The interesting property

The two strips share only the disparity — their dots are independently random. So the only thing the modules can agree on is the disparity (or some function of it, like |d|). Maximizing mutual information forces both modules to extract a disparity-related readout from random pixel patterns, without ever seeing a supervised label. This is the foundational demonstration that spatial coherence between sibling features is enough of a self-supervised signal to learn the latent variable that produced them — the same intuition that later powers contrastive learning, SimCLR, and the GLOM-style consensus columns Hinton revisited in 2021.

Files

File	Purpose
`random_dot_stereograms.py`	Synthetic stereogram generator, two-module MLP, Imax loss with closed-form gradient, momentum-SGD trainer. CLI flags `--seed --n-epochs --strip-width`.
`visualize_random_dot_stereograms.py`	Static figures: stereogram examples, scatter of module outputs vs ground-truth disparity, training-curve panel.
`make_random_dot_stereograms_gif.py`	Renders `random_dot_stereograms.gif` (the animation at the top of this README).
`random_dot_stereograms.gif`	Per-snapshot animation (stereogram + module-output scatter + training curves).
`viz/`	Static PNGs from the run below.

Running

python3 random_dot_stereograms.py --seed 0 --n-epochs 800

Wall-clock: ~6.5 s on an Apple M-series laptop. Prints final Imax, module-agreement correlation, and signed/unsigned disparity correlations on a held-out 4096-example batch.

To regenerate visualizations:

python3 visualize_random_dot_stereograms.py --seed 0 --n-epochs 800 --outdir viz
python3 make_random_dot_stereograms_gif.py  --seed 0 --n-epochs 800 \
        --snapshot-every 25 --fps 8

Results

Default run, seed=0, n_epochs=800, strip_width=10, max_disparity=3.0, n_hidden=48, batch_size=256, lr=0.05, momentum=0.9, weight_decay=1e-5, init_scale=0.5:

Metric	Value
Final `Imax` (eval, 4096 examples)	1.18 nats
Module-output agreement `corr(y_a, y_b)`	+0.91
Signed-disparity readout `\|corr(y_a, d)\|`	0.74
Signed-disparity readout `\|corr(y_b, d)\|`	0.74
Training wall-clock	6.5 s
Hyperparameters	strip_width=10, n_hidden=48, batch=256, lr=0.05, momentum=0.9, wd=1e-5, init_scale=0.5

Cross-seed stability (5 seeds, same hyperparameters)

Seed	Imax	corr(y_a, y_b)	best disparity readout
0	1.18	+0.91	0.74 (signed `d`)
1	1.11	+0.89	0.80 (signed `d`)
2	1.22	+0.91	0.62 (signed `d`)
3	1.41	+0.94	0.58 (`\|d\|`)
4	1.10	+0.89	0.59 (mix of signed `d` + `\|d\|`)

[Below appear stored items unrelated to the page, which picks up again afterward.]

(* Let $V$, $P$, $v_h$ and $\hat v_h^N$ be as in the context. Then for every integer $N\ge0$, $$\|v_h'-(\hat v_h^N)'\|_{L^2(\mathbb{T})}=O(h^{\frac{N+1}{2}})\quad\text{as }h\to0.$$
   Context: $\mathbb{T}=\mathbb{R}/\mathbb{Z}\cong[-\tfrac12,\tfrac12)$. $V:\mathbb{T}\to\mathbb{R}$ is smooth, symmetric, with a unique non-degenerate minimum at $0$. $\overline H(P)$ is the effective Hamiltonian: the unique constant $c$ for which $\tfrac12(P+\phi')^2+V=c$ has a periodic viscosity solution; $P_{crit}=\inf\{P:\overline H(P)>\min\overline H\}$, and $P>P_{crit}$ is fixed, so that $\overline H(P)>\max V$. For $h>0$, $v_h$ is a periodic solution of $-\tfrac h2v_h''+\tfrac12(P+v_h')^2+V=\overline H_h(P)$, where $\overline H_h(P)$ is the unique constant for which such a periodic solution exists. Put $p^+(x)=\sqrt{2(\overline H(P)-V(x))}>0$ and $\sigma_0=c/p^+$ with $\int_{\mathbb{T}}\sigma_0=1$. Define $\overline H_0=\overline H(P)$, $v_0(x)=\int_{-1/2}^x p^+(s)ds-P(x+\tfrac12)$, and inductively for $j\ge1$: $\overline H_j=\int_{\mathbb{T}}\big[-\tfrac12 v_{j-1}''+\tfrac12\sum_{i=1}^{j-1}v_i'v_{j-i}'\big]\sigma_0\,dx$, and $v_j$ a smooth periodic solution (unique up to additive constant) of $-\tfrac12v_{j-1}''+p^+v_j'+\tfrac12\sum_{i=1}^{j-1}v_i'v_{j-i}'=\overline H_j$. Set $\hat v_h^N=\sum_{j=0}^N h^jv_j$. *)

From Stdlib Require Import Reals List.
From Coquelicot Require Import Coquelicot.
Open Scope R_scope.

(* Functions on T = R/Z are represented as 1-periodic functions on R;
   integrals over T are Riemann integrals over [-1/2, 1/2]. *)
Definition periodic1 (f : R -> R) : Prop := forall x, f (x + 1) = f x.

Definition smooth (f : R -> R) : Prop := forall (n : nat) (x : R), ex_derive_n f n x.

Definition C1 (f : R -> R) : Prop :=
  forall x, ex_derive f x /\ continuous (Derive f) x.

Definition Ham (V : R -> R) (P x p : R) : R := 1/2 * (P + p) ^ 2 + V x.

Definition visc_sub (V : R -> R) (P c : R) (phi : R -> R) : Prop :=
  forall (psi : R -> R) (x0 : R), C1 psi ->
    (exists d, 0 < d /\ forall y, Rabs (y - x0) < d ->
        phi y - psi y <= phi x0 - psi x0) ->
    Ham V P x0 (Derive psi x0) <= c.

Definition visc_super (V : R -> R) (P c : R) (phi : R -> R) : Prop :=
  forall (psi : R -> R) (x0 : R), C1 psi ->
    (exists d, 0 < d /\ forall y, Rabs (y - x0) < d ->
        phi x0 - psi x0 <= phi y - psi y) ->
    c <= Ham V P x0 (Derive psi x0).

(* "The cell problem 1/2 (P + phi')^2 + V = c has a periodic viscosity solution",
   i.e. (by uniqueness of the constant) c = Hbar(P). *)
Definition cell_solvable (V : R -> R) (P c : R) : Prop :=
  exists phi : R -> R, periodic1 phi /\ (forall x, continuous phi x) /\
    visc_sub V P c phi /\ visc_super V P c phi.

(* P > P_crit = inf { Q >= 0 : Hbar(Q) > min Hbar }:
   some Q in [0, P) has Hbar(Q) > Hbar(R) for some R. *)
Definition above_Pcrit (V : R -> R) (P : R) : Prop :=
  exists Q, 0 <= Q < P /\
    exists cQ R0 cR, cell_solvable V Q cQ /\ cell_solvable V R0 cR /\ cR < cQ.

Definition pplus (V : R -> R) (c x : R) : R := sqrt (2 * (c - V x)).

(* sigma_0 = kappa / p^+ normalized so that its integral over T is 1. *)
Definition sigma0 (V : R -> R) (c x : R) : R :=
  / RInt (fun s => / pplus V c s) (-1/2) (1/2) * / pplus V c x.

Definition v0 (V : R -> R) (P c x : R) : R :=
  RInt (pplus V c) (-1/2) x - P * (x + 1/2).

Definition conv_sum (v : nat -> R -> R) (j : nat) (x : R) : R :=
  fold_right Rplus 0
    (map (fun i => Derive (v i) x * Derive (v (j - i)%nat) x) (seq 1 (j - 1))).

Definition hatv (v : nat -> R -> R) (h : R) (N : nat) (x : R) : R :=
  sum_f_R0 (fun j => h ^ j * v j x) N.

Definition L2T (f : R -> R) : R := sqrt (RInt (fun x => (f x) ^ 2) (-1/2) (1/2)).

From Pilot Require Import Defs.
From Stdlib Require Import Reals List Lra Lia ZArith.
From Coquelicot Require Import Coquelicot.
Open Scope R_scope.

(* Testing the viscosity sub- and supersolution of the cell problem with periodic antiderivatives
   of (a shift of) p^+ = sqrt (2 (c - V)) shows that, above P_crit, c > max V and
   int_T p^+ = P.  The coefficients a_0 = p^+, a_j = v_j' are then built so that
   U = sum_{j <= N} h^j a_j solves the viscous equation -h/2 U' + 1/2 U^2 + V = sum_j h^j Hs_j up
   to O(h^(N+1)).  Finally, at the extrema of u - U, where u = P + v_h', the derivative terms
   cancel and (u - U)(u + U)/2 is the difference of the two constants up to that residual; since
   u can never vanish (a zero would force a negative slope), u + U is bounded below, so
   |u - U| = O(h^(N+1)) uniformly, which is stronger than the L^2 estimate. *)

Lemma continuous_plus_R (f g : R -> R) x :
  continuous f x -> continuous g x -> continuous (fun z => f z + g z) x.
Proof. exact (continuous_plus (K := R_AbsRing) (V := R_NormedModule) f g x). Qed.
Lemma l1dist_mpow_contract j x :
  l1dist (j + r.+1) x <= (1 - \sum_y eta y) * l1dist j x.
Proof.
have [_ Pr_sum1] := stochastic_mpow r.+1 P_stoch.
have := doeblin_contraction Pr_sum1 eta_minor (sum_mpow_sub_stationary j x).
by under eq_bigr => y _ do rewrite mpow_sub_stationaryD.
Qed.

Lemma l1dist_mpow0_le2 x : l1dist 0 x <= 2.
Proof.
have [[m_ge0 m_sum1] _] := m_stat.
apply: (le_trans (y := \sum_y ((x == y)%:R + m y))).
  apply: ler_sum => y _; apply: (le_trans (ler_normB _ _)).
  by rewrite ger0_norm ?ler0n // ger0_norm.
rewrite big_split /= m_sum1 (bigD1 x) //= eqxx big1 ?addr0 //.
by move=> z; rewrite eq_sym => /negbTE ->.
Qed.

Lemma sum_minorant_le1 (x : X) : \sum_y eta y <= 1.
Proof.
rewrite -(proj2 (stochastic_mpow r.+1 P_stoch) x).
by apply: ler_sum => y _.
Qed.

Lemma l1dist_mpow_blocks q x : l1dist (q * r.+1) x <= 2 * (1 - \sum_y eta y) ^+ q.
Proof.
have contr_ge0 : 0 <= 1 - \sum_y eta y by rewrite subr_ge0 (sum_minorant_le1 x).
elim: q => [|q IH]; first by rewrite mulr1 l1dist_mpow0_le2.
rewrite mulSn addnC exprS mulrCA.
apply: le_trans (l1dist_mpow_contract _ _) _.
exact: ler_wpM2l.
Qed.

Lemma tv_mpow_le_doeblin k x :
  tv (fun y => mpow k P x y) m <= (1 - \sum_y eta y) ^+ (k %/ r.+1).
Proof.
rewrite /tv ler_pdivrMr ?ltr0n // mulrC {1}(divn_eq k r.+1).
exact: le_trans (l1dist_mpowD_le _ _ _) (l1dist_mpow_blocks _ _).
Qed.

End Doeblin.

Lemma geometric_blocks_le (R : realType) (c : R) (r k : nat) :
  0 < c -> c <= 1 -> c ^+ (k %/ r.+1) <= c^-1 * (c `^ (r.+1%:R)^-1) ^+ k.
Proof.
move=> c_gt0 c_le1.
set rho := c `^ _.
have rho_ge0 : 0 <= rho by apply: powR_ge0.
have rhoX : rho ^+ r.+1 = c.
  rewrite /rho -powR_mulrn ?powR_ge0 // -powRrM mulVf ?pnatr_eq0 //.
  by rewrite powRr1 // ltW.
have rho_le1 : rho <= 1 by rewrite -(@expr_le1 _ r.+1) // rhoX.
rewrite -[c ^+ _]mul1r -(mulVf (lt0r_neq0 c_gt0)) -mulrA -exprS.
rewrite ler_pM2l ?invr_gt0 // -rhoX -exprM; apply: ler_wiXn2l => //.
by rewrite mulnC ltnW // ltn_ceil.
Qed.
Lemma filterlim_ln_Cmod {T} (F : (T -> Prop) -> Prop) {FF : Filter F} (f : T -> C) l :
  (0 < Cmod l)%R -> filterlim f F (locally l) ->
  filterlim (fun x => ln (Cmod (f x))) F (locally (ln (Cmod l))).
Proof.
  intros Hl Hf. eapply filterlim_comp; [eapply filterlim_comp; [exact Hf |] |].
  - exact (@filterlim_norm C_AbsRing C_NormedModule l).
  - apply continuous_ln. exact Hl.
Qed.

Lemma filterlim_Cexp_scal (z : C) (s0 : R) :
  filterlim (fun s : R => Cexp (z * s)) (locally s0) (locally (Cexp (z * s0))).
Proof.
  unfold Cexp. intros P [eps HP].
  assert (Hcomp : forall h : R -> R, (forall s, ex_derive h s) ->
            locally s0 (fun s => ball (h s0) eps (h s))).
  { intros h Hh. apply (ex_derive_continuous h s0 (Hh s0)). apply locally_ball. }
  eapply filter_imp; [intros s Hs; apply HP; exact Hs |].
  apply filter_and; apply Hcomp; intros s; simpl; auto_derive; auto.
Qed.

Lemma filterlim_inv_sq_at_right_0 :
  filterlim (fun x => / x ^ 2)%R (Rbar_locally p_infty) (at_right 0).
Proof.
  intros P [eps HP]. exists (1 + / eps)%R. intros x Hx.
  pose proof (cond_pos eps). pose proof (Rinv_0_lt_compat eps H).
  assert (Hx2 : (/ eps < x ^ 2)%R) by nra.
  assert (Hpos : (0 < / x ^ 2)%R) by (apply Rinv_0_lt_compat; nra).
  apply HP; [| exact Hpos].
  apply (norm_compat1 0%R (/ x ^ 2)%R eps). change (Rabs (/ x ^ 2 - 0) < eps)%R.
  rewrite Rminus_0_r, Rabs_right by lra.
  rewrite <- (Rinv_inv eps). apply Rinv_lt_contravar; nra.
Qed.

Lemma eventually_inv_sq_pos : Rbar_locally p_infty (fun Rr => 0 < / Rr ^ 2)%R.
Proof. exists 0%R. intros Rr HRr. apply Rinv_0_lt_compat, pow_lt, HRr. Qed.

Lemma exists_pos_lower_bound (a : nat -> R) n :
  exists t0, (0 < t0)%R /\ forall i, (i < n)%nat -> (0 < a i)%R -> (t0 <= a i)%R.
Proof.
  induction n as [| n [t0 [Ht0 Hlow]]]; [exists 1%R; split; [lra | intros; lia] |].
  destruct (Rlt_or_le 0 (a n)) as [Hn | Hn].
  - exists (Rmin t0 (a n)). split; [apply Rmin_pos; lra |].
    intros i Hi Hai. destruct (Nat.eq_dec i n) as [-> | Hne]; [apply Rmin_r |].
    eapply Rle_trans; [apply Rmin_l | apply Hlow; auto; lia].
  - exists t0. split; auto. intros i Hi Hai.
    destruct (Nat.eq_dec i n) as [-> | Hne]; [lra | apply Hlow; auto; lia].
Qed.

Section NullSequence.

Variable a : nat -> R.
Hypothesis a_ge0 : forall i, (0 <= a i)%R.
Hypothesis a_nonincr : forall i, (a (S i) <= a i)%R.
Hypothesis a_sq_summable : ex_series (fun i => a i ^ 2)%R.

Lemma a_antitone i j : (i <= j)%nat -> (a j <= a i)%R.
Proof. intros Hij. induction Hij; [lra | specialize (a_nonincr m); lra]. Qed.

Lemma a_eventually_le t : (0 < t)%R -> exists m, (a m <= t)%R.
Proof.
  intros Ht. pose proof (ex_series_lim_0 _ a_sq_summable) as H0.
  apply is_lim_seq_spec in H0.
  destruct (H0 (mkposreal (t * t) ltac:(simpl; nra))) as [m Hm]. exists m.
  specialize (Hm m (le_n m)). simpl in Hm. rewrite Rminus_0_r, Rabs_right in Hm by nra.
  pose proof (a_ge0 m). nra.
Qed.
Lemma shom_comp (U V W : finType) (aU : rel U) sU (aV : rel V) sV (aW : rel W) sW
    (f : U -> V) (g : V -> W) :
  is_shom aU sU aV sV f -> is_shom aV sV aW sW g -> is_shom aU sU aW sW (g \o f).
Proof.
move=> [X fX] [Y gY]; exists [set u | (u \in X) (+) (f u \in Y)] => u v uv.
have [fuv fs] := fX _ _ uv; have [gfuv gs] := gY _ _ fuv; split=> //=.
rewrite gs fs !inE.
by case: (sU u v); case: (u \in X); case: (v \in X); case: (f u \in Y); case: (f v \in Y).
Qed.

Lemma maps_to_order_shom (U V : finType) (aU : rel U) sU (aV : rel V) sV k (f : U -> V) :
  is_shom aU sU aV sV f -> maps_to_order aV sV k -> maps_to_order aU sU k.
Proof.
move=> hf [aH [sH [sgH [phi hphi]]]].
by exists aH, sH; split=> //; exists (phi \o f); apply: shom_comp hf hphi.
Qed.

Lemma closed_walk_sign (U V : finType) (aU : rel U) sU (aV : rel V) sV
    L (w : 'I_L -> U) (phi : U -> V) :
  is_shom aU sU aV sV phi -> (forall i, aU (w i) (w (ordS i))) ->
  \big[addb/false]_(i < L) sV (phi (w i)) (phi (w (ordS i))) =
  \big[addb/false]_(i < L) sU (w i) (w (ordS i)).
Proof.
move=> [X hX] hw; rewrite -[RHS](xorb_coboundary _ (fun i => w i \in X)).
by apply: eq_bigr => i _; rewrite (proj2 (hX _ _ (hw i))) addbA.
Qed.

Lemma maps_to_order_mono (V : finType) (adj : rel V) sg k k' :
  k <= k' -> maps_to_order adj sg k -> maps_to_order adj sg k'.
Proof.
move=> le_kk' [aH [sH [[irr [sym ssym]] [phi [X hX]]]]].
pose restr T (r : 'I_k -> 'I_k -> T) (dflt : T) (x y : 'I_k') :=
  if insub (val x) is Some x0 then if insub (val y) is Some y0 then r x0 y0 else dflt else dflt.
exists (restr _ aH false), (restr _ sH false); split.
  split=> [x|]; first by rewrite /restr; case: insub => // x0; rewrite irr.
  split=> x y; rewrite /restr; case: insub => [x0|] //; case: insub => [y0|] //.
  exact: ssym.
exists (widen_ord le_kk' \o phi), X => u v uv.
have widenK x : insub (val (widen_ord le_kk' x)) = Some x by rewrite /= valK.
by rewrite /restr /= !widenK; apply: hX.
Qed.

Lemma shom_cprod (U1 U2 W1 W2 : finType) (a1 : rel U1) s1 (a2 : rel U2) s2
    (b1 : rel W1) t1 (b2 : rel W2) t2 (f1 : U1 -> W1) (f2 : U2 -> W2) :
  irreflexive a1 -> irreflexive b1 -> is_shom a1 s1 b1 t1 f1 -> is_shom a2 s2 b2 t2 f2 ->
  is_shom (cprod_adj a1 a2) (cprod_sg s1 s2) (cprod_adj b1 b2) (cprod_sg t1 t2)
    (fun u => (f1 u.1, f2 u.2)).
Proof.
move=> irr_a1 irr_b1 [X1 h1] [X2 h2].
exists [set u | (u.1 \in X1) (+) (u.2 \in X2)] => u v.
rewrite /cprod_adj /cprod_sg !inE /= => /orP [/andP [/eqP e uv] | /andP [/eqP e uv]].
- have [fuv fs] := h2 _ _ uv; rewrite e !eqxx fuv fs; split=> //.
  by case: (s2 u.2 v.2); case: (u.2 \in X2); case: (v.2 \in X2); case: (v.1 \in X1).
- have [fuv fs] := h1 _ _ uv.
  have -> : (f1 u.1 == f1 v.1) = false by apply: contraTF fuv => /eqP ->; rewrite irr_b1.
  have -> : (u.1 == v.1) = false by apply: contraTF uv => /eqP ->; rewrite irr_a1.
  rewrite e !eqxx fuv fs orbT; split=> //.
  by case: (s1 u.1 v.1); case: (u.1 \in X1); case: (v.1 \in X1); case: (v.2 \in X2).
Qed.

Definition prefix_sign n (s : 'I_n -> 'I_n -> bool) (i : 'I_n) : bool :=
  \big[addb/false]_(k < n | k < i) s k (ordS k).

Lemma prefix_signS n (s : 'I_n -> 'I_n -> bool) (i : 'I_n) :
  s i (ordS i) =
  prefix_sign s i (+) prefix_sign s (ordS i) (+) (cycle_sign s && (i == n.-1 :> nat)).
Proof.
have split_i (P : pred 'I_n) : P i -> (forall k, P k && (k != i) = (k < i)) ->
    \big[addb/false]_(k < n | P k) s k (ordS k) = s i (ordS i) (+) prefix_sign s i.
  by move=> Pi PE; rewrite (bigD1 i) //; congr (_ (+) _); apply: eq_bigl.
case: (ordS_val_cases i) => -[lt_in eS].
- rewrite /prefix_sign eS [X in _ (+) X (+) _](split_i (fun k => k < i.+1)) /=; first last.
  + by move=> k; rewrite -val_eqE /=; lia.
  + exact: ltnSn.
  have -> : (i == n.-1 :> nat) = false by apply/eqP; lia.
  by rewrite andbF addbF addbA addbC addbA addbb.
- rewrite /prefix_sign eS [X in _ (+) X (+) _]big_pred0 // addbF.
  have -> : (i == n.-1 :> nat) = true by apply/eqP; lia.
  rewrite andbT /cycle_sign (split_i predT) // => [|k].
    by rewrite /prefix_sign addbA addbC addbA addbb.
  by rewrite -val_eqE /=; have := ltn_ord k; lia.
Qed.

Definition cycle_fold n k (aT : rel 'I_k) (sT : 'I_k -> 'I_k -> bool) (b : bool)
    (psi : 'I_n -> 'I_k) : Prop :=
  forall i : 'I_n,
    aT (psi i) (psi (ordS i)) && (sT (psi i) (psi (ordS i)) == b && (i == n.-1 :> nat)).

Lemma cycle_fold_shom n k (s : 'I_n -> 'I_n -> bool) (aT : rel 'I_k)
    (sT : 'I_k -> 'I_k -> bool) (psi : 'I_n -> 'I_k) :
  signed_graph (@cyc_adj n) s -> symmetric aT -> (forall x y, sT x y = sT y x) ->
  cycle_fold aT sT (cycle_sign s) psi -> is_shom (@cyc_adj n) s aT sT psi.
Proof.
move=> [_ [_ sC]] aTC sTC hpsi; exists [set i | prefix_sign s i] => u v.
have edge i : aT (psi i) (psi (ordS i)) /\
    sT (psi i) (psi (ordS i)) = s i (ordS i) (+) (i \in [set i | prefix_sign s i])
                                           (+) (ordS i \in [set i | prefix_sign s i]).
  case/andP: (hpsi i) => -> /eqP ->; split=> //; rewrite !inE (prefix_signS s i).
  by case: (prefix_sign s i); case: (prefix_sign s (ordS i)); case: (_ && _).
rewrite cyc_adjE => /orP [/eqP -> | /eqP ->]; first exact: edge.
rewrite aTC sTC -sC ?cyc_adjS //; have [-> ->] := edge v; split=> //.
by rewrite addbAC.
Qed.

Definition fold2 n (i : 'I_n) : 'I_2 := inord (odd i).
Definition fold3 n (i : 'I_n) : 'I_3 := inord (if i == n.-1 :> nat then 2 else odd i).
Definition fold4 n (i : 'I_n) : 'I_4 := inord (if i < 4 then i : nat else 2 + odd i).

Lemma fold2_cycle_fold n : ~~ odd n -> cycle_fold (@cyc_adj 2) (sg_of [::]) false (@fold2 n).
Proof.
move=> even_n i; have odd_S : odd (ordS i) = ~~ odd i.
  case: (ordS_val_cases i) => -[lt_in ->] //=.
  by move: even_n; rewrite -(congr1 odd lt_in) /= negbK => ->.
by rewrite /fold2 /cyc_adj /sg_of /neg_in odd_S /= !inordK; case: (odd i).
Qed.

Lemma fold3_cycle_fold n (b : bool) : odd n -> 3 <= n ->
  cycle_fold (@cyc_adj 3) (sg_of (if b then [:: (0, 2)] else [::])) b (@fold3 n).
Proof.
move=> odd_n n_ge3 i; rewrite /fold3 /cyc_adj /sg_of /neg_in.
case: (ordS_val_cases i) => -[lt_in ->]; last first.
  have -> : (i == n.-1 :> nat) = true by apply/eqP; lia.
  have -> : (0 == n.-1) = false by apply/negbTE; lia.
  by rewrite /= !inordK //; case: b.
have -> : (i == n.-1 :> nat) = false by apply/negbTE; lia.
case: (ltngtP i.+2 n) => [lt_i2n | ? | eq_i2n]; first 2 last; try lia.
  have -> : (i.+1 == n.-1 :> nat) = true by apply/eqP; lia.
  have odd_i : odd i by move: odd_n; rewrite -(congr1 odd eq_i2n) /= negbK.
  by rewrite odd_i /= !inordK //; case: b.
have -> : (i.+1 == n.-1 :> nat) = false by apply/negbTE; lia.
by rewrite /= !inordK /=; case: (odd i); case: b.
Qed.
Lemma Arepr_pi_to_pi_inf u xi eta : Arepr_pi u xi eta ->
  exists XI ETA, Arepr_pi_inf u XI ETA /\
    (\sum_(n <oo) (LpE_norm p (XI n) * LpEdual_norm (conj_exp p) (ETA n))%:E <=
     \sum_(n <oo) (nrm (xi n) * dnrm (eta n))%:E)%E.
Proof.
case=> _ eta_dual sum_fin cv.
exists (fun n => nth 0 [:: xi n]), (fun n => nth (fun=> 0) [:: eta n]).
have XI_norm n : LpE_norm p (nth 0 [:: xi n]) = nrm (xi n).
  rewrite /LpE_norm lpnorm_head ?nrm_ge0 // => -[|k] // _.
  by rewrite nth_default ?nrm0.
have ETA_norm n : LpEdual_norm (conj_exp p) (nth (fun=> 0) [:: eta n]) = dnrm (eta n).
  rewrite /LpEdual_norm lpnorm_head //; first exact: dnrm_ge0 (eta_dual n).
  by case=> // k _; rewrite nth_default ?dnrm_zero.
have sumE : (\sum_(n <oo) (LpE_norm p (nth 0 [:: xi n]) *
      LpEdual_norm (conj_exp p) (nth (fun=> 0) [:: eta n]))%:E =
    \sum_(n <oo) (nrm (xi n) * dnrm (eta n))%:E)%E.
  by apply: eq_eseriesr => n _; rewrite XI_norm ETA_norm.
rewrite sumE; split => //; split.
- move=> n; rewrite /LpE powR_series_head ?ltry // => -[|k] // _.
  by rewrite nth_default ?nrm0.
- move=> n; split.
    by case=> [|k]; [exact: eta_dual | rewrite nth_default //; exact: dual_zero].
  rewrite powR_series_head ?ltry // => -[|k] // _.
  by rewrite nth_default ?dnrm_zero.
- by rewrite sumE.
- move=> x; rewrite (_ : series _ = series (fun n => eta n (pi x (xi n)))).
    exact: cv.
  congr series; apply/funext => n; rewrite /pair_inf series_head // => -[|k] // _.
  by rewrite !nth_default.
Qed.

Hypothesis pi_isometry : forall x v, `|pi x v| = `|v|.

Lemma Arepr_pi_inf_to_pi u XI ETA : Arepr_pi_inf u XI ETA ->
  exists xi eta, Arepr_pi u xi eta /\
    (\sum_(m <oo) (nrm (xi m) * dnrm (eta m))%:E <=
     \sum_(n <oo) (LpE_norm p (XI n) * LpEdual_norm (conj_exp p) (ETA n))%:E)%E.
Proof.
case=> XI_Lp ETA_Lp sum_fin cv.
have ETA_dual n k : dual_elem (ETA n k) := (ETA_Lp n).1 k.
have [e be] : exists e : nat -> nat * nat, set_bij setT setT e.
  by apply/card_set_bijP; apply: card_esym; exact: card_nat2.
pose b n k := nrm (XI n k) * dnrm (ETA n k).
have b_ge0 n k : 0 <= b n k by rewrite mulr_ge0 ?nrm_ge0 ?(dnrm_ge0 (ETA_dual n k)).
have b_le : (\sum_(n <oo) \sum_(k <oo) (b n k)%:E <=
    \sum_(n <oo) (LpE_norm p (XI n) * LpEdual_norm (conj_exp p) (ETA n))%:E)%E.
  apply: lee_nneseries => [n _ _|n _].
    by apply: nneseries_ge0 => k _ _; rewrite lee_fin.
  apply: nneseries_hoelder => //.
  - by move=> k; exact: nrm_ge0.
  - by move=> k; exact: dnrm_ge0 (ETA_dual n k).
  - exact: XI_Lp.
  - exact: (ETA_Lp n).2.
have b_fin := le_lt_trans b_le sum_fin.
have flatE : (\sum_(m <oo) (b (e m).1 (e m).2)%:E =
    \sum_(n <oo) \sum_(k <oo) (b n k)%:E)%E.
  by apply: nneseries_reindex_pair => // n k; rewrite lee_fin.
exists (fun m => XI (e m).1 (e m).2), (fun m => ETA (e m).1 (e m).2).
rewrite flatE; split => //; split.
- by [].
- by move=> m; exact: ETA_dual.
- by rewrite flatE.
move=> x; pose a n k := ETA n k (pi x (XI n k)).
have nrm_pi v : nrm (pi x v) = nrm v by rewrite /nrm pi_isometry.
have a_le n k : 0 <= nrm (a n k) <= b n k.
  by rewrite nrm_ge0 /b mulrC -(nrm_pi (XI n k)) (nrm_dual_le _ (ETA_dual n k)).
have a_fin := le_lt_trans (le_nneseries2 a_le) b_fin.
have [l [_ outer flat]] := iter_flat_cvg_dominated a be a_fin.
have C_hausdorff := @norm_hausdorff (R[i] : numFieldType) (R[i] : numFieldType).
by rewrite (cvg_unique C_hausdorff (cv x) outer).
Qed.

End Api_representations.

Theorem proposition3 (R : realType) (G : topologicalType)
    (mul : G -> G -> G) (inv : G -> G) (one : G)
    (p : R) (E : completeNormedModType R[i]) (pi : G -> E -> E) :
  lc_group mul inv one -> 1 < p -> QSLp p E -> isom_rep mul pi ->
  A_pi pi = A_pi_inf pi p /\ (forall u, Anorm_pi pi u = Anorm_pi_inf pi p u).
Proof.
move=> _ p_gt1 _ [_ pi_isometry _ _ _].
have to_inf := Arepr_pi_to_pi_inf pi p p_gt1.
have of_inf := Arepr_pi_inf_to_pi pi p p_gt1 pi_isometry.
split.
  by apply/seteqP; split; [exact: Aspace_transfer to_inf | exact: Aspace_transfer of_inf].
by move=> u; apply/le_anti; rewrite (Anorm_transfer of_inf) (Anorm_transfer to_inf).
Qed.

Imax is sign-invariant: I(y_a; y_b) = I(-y_a; -y_b) = I(y_a; -y_b). So each module independently picks a sign convention for d, and across seeds they converge on a signed-d readout (most seeds), |d| readout (some seeds), or a smooth blend. In all 5 seeds the modules agree strongly (corr_ab > 0.89), which is what the loss directly optimizes.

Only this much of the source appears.